• **Saved entries**:
(* With m = h f1 + p f and K = om (m^2 + 2 Y f^2): the density is at least K - G t E f^2,
   its derivative part om h^2 f1^2 is at most 2 K, and t om f^2 is at most K / (2 G) + t E f^2. *)
Lemma weighted_energy_ineq (t h om E G Y p Vl f f1 : R) :
  0 < t -> h ^ 2 = t ^ 3 -> 0 < G -> 0 <= om -> 0 <= Y ->
  4 * Y - G * t <= Vl -> p ^ 2 <= Y ->
  om * (G * t - Y) <= G * t * E -> t * om <= om * Y / G + t * E ->
  t * (om * (f ^ 2 + t ^ 2 * f1 ^ 2)) <=
  (/ G + 2) * (om * (h ^ 2 * f1 ^ 2 + 2 * h * p * f * f1 + Vl * f ^ 2)) +
  t * (E * (1 + (/ G + 2) * G) * f ^ 2).
Proof.
  intros Ht Hht HG Hom HY HVl Hp Hnear Hfar.
  set (m := h * f1 + p * f).
  set (K := om * m ^ 2 + 2 * (om * Y) * f ^ 2).
  assert (Hf2 : 0 <= f ^ 2) by nra.
  assert (HomY : 0 <= om * Y) by nra.
  assert (Hom_m : 0 <= om * m ^ 2) by nra.
  assert (HK : 0 <= K) by (unfold K; nra).
  assert (HJ : K - G * t * E * f ^ 2 <=
               om * (h ^ 2 * f1 ^ 2 + 2 * h * p * f * f1 + Vl * f ^ 2)).
  { replace (om * (h ^ 2 * f1 ^ 2 + 2 * h * p * f * f1 + Vl * f ^ 2))
      with (om * m ^ 2 + om * (Vl - p ^ 2) * f ^ 2) by (unfold m; ring).
    assert (om * (3 * Y - G * t) <= om * (Vl - p ^ 2)) by (apply Rmult_le_compat_l; lra).
    unfold K. nra. }
  assert (Hder : om * (h ^ 2 * f1 ^ 2) <= 2 * K).
  { assert (h ^ 2 * f1 ^ 2 <= 2 * m ^ 2 + 2 * Y * f ^ 2).
    { replace (h ^ 2 * f1 ^ 2) with ((m - p * f) ^ 2) by (unfold m; ring).
      assert (p ^ 2 * f ^ 2 <= Y * f ^ 2) by (apply Rmult_le_compat_r; lra).
      pose proof (pow2_ge_0 (m + p * f)). nra. }
    unfold K. nra. }
  assert (Hval : t * (om * f ^ 2) <= K / (2 * G) + t * E * f ^ 2).
  { assert (t * om * f ^ 2 <= (om * Y / G + t * E) * f ^ 2) by (apply Rmult_le_compat_r; lra).
    assert (om * Y / G * f ^ 2 <= K / (2 * G)).
    { unfold Rdiv. rewrite Rinv_mult. assert (0 < / G) by (apply Rinv_0_lt_compat; lra).
      unfold K. nra. }
    nra. }
  assert (HD : 0 <= / (2 * G)) by (left; apply Rinv_0_lt_compat; lra).
  assert (HG2 : / (2 * G) <= / G) by (apply Rinv_le_contravar; lra).
  replace (t * (om * (f ^ 2 + t ^ 2 * f1 ^ 2))) with (t * (om * f ^ 2) + om * (h ^ 2 * f1 ^ 2))
    by (rewrite Hht; ring).
  unfold Rdiv in Hval. nra.
Qed.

• **Exercise goal**:
All that is wanted is the set of lines from the one with "t * (E * (1 + (/ G + 2) * G) * f ^ 2)." through the last line of the entries, both included, output exactly.

• **Answer to this task**:
  t * (E * (1 + (/ G + 2) * G) * f ^ 2).
Proof.
  intros Ht Hht HG Hom HY HVl Hp Hnear Hfar.
  set (m := h * f1 + p * f).
  set (K := om * m ^ 2 + 2 * (om * Y) * f ^ 2).
  assert (Hf2 : 0 <= f ^ 2) by nra.
  assert (HomY : 0 <= om * Y) by nra.
  assert (Hom_m : 0 <= om * m ^ 2) by nra.
  assert (HK : 0 <= K) by (unfold K; nra).
  assert (HJ : K - G * t * E * f ^ 2 <=
               om * (h ^ 2 * f1 ^ 2 + 2 * h * p * f * f1 + Vl * f ^ 2)).
  { replace (om * (h ^ 2 * f1 ^ 2 + 2 * h * p * f * f1 + Vl * f ^ 2))
      with (om * m ^ 2 + om * (Vl - p ^ 2) * f ^ 2) by (unfold m; ring).
    assert (om * (3 * Y - G * t) <= om * (Vl - p ^ 2)) by (apply Rmult_le_compat_l; lra).
    unfold K. nra. }
  assert (Hder : om * (h ^ 2 * f1 ^ 2) <= 2 * K).
  { assert (h ^ 2 * f1 ^ 2 <= 2 * m ^ 2 + 2 * Y * f ^ 2).
    { replace (h ^ 2 * f1 ^ 2) with ((m - p * f) ^ 2) by (unfold m; ring).
      assert (p ^ 2 * f ^ 2 <= Y * f ^ 2) by (apply Rmult_le_compat_r; lra).
      pose proof (pow2_ge_0 (m + p * f)). nra. }
    unfold K. nra. }
  assert (Hval : t * (om * f ^ 2) <= K / (2 * G) + t * E * f ^ 2).
  { assert (t * om * f ^ 2 <= (om * Y / G + t * E) * f ^ 2) by (apply Rmult_le_compat_r; lra).
    assert (om * Y / G * f ^ 2 <= K / (2 * G)).
    { unfold Rdiv. rewrite Rinv_mult. assert (0 < / G) by (apply Rinv_0_lt_compat; lra).
      unfold K. nra. }
    nra. }
  assert (HD : 0 <= / (2 * G)) by (left; apply Rinv_0_lt_compat; lra).
  assert (HG2 : / (2 * G) <= / G) by (apply Rinv_le_contravar; lra).
  replace (t * (om * (f ^ 2 + t ^ 2 * f1 ^ 2))) with (t * (om * f ^ 2) + om * (h ^ 2 * f1 ^ 2))
    by (rewrite Hht; ring).
  unfold Rdiv in Hval. nra.
Qed.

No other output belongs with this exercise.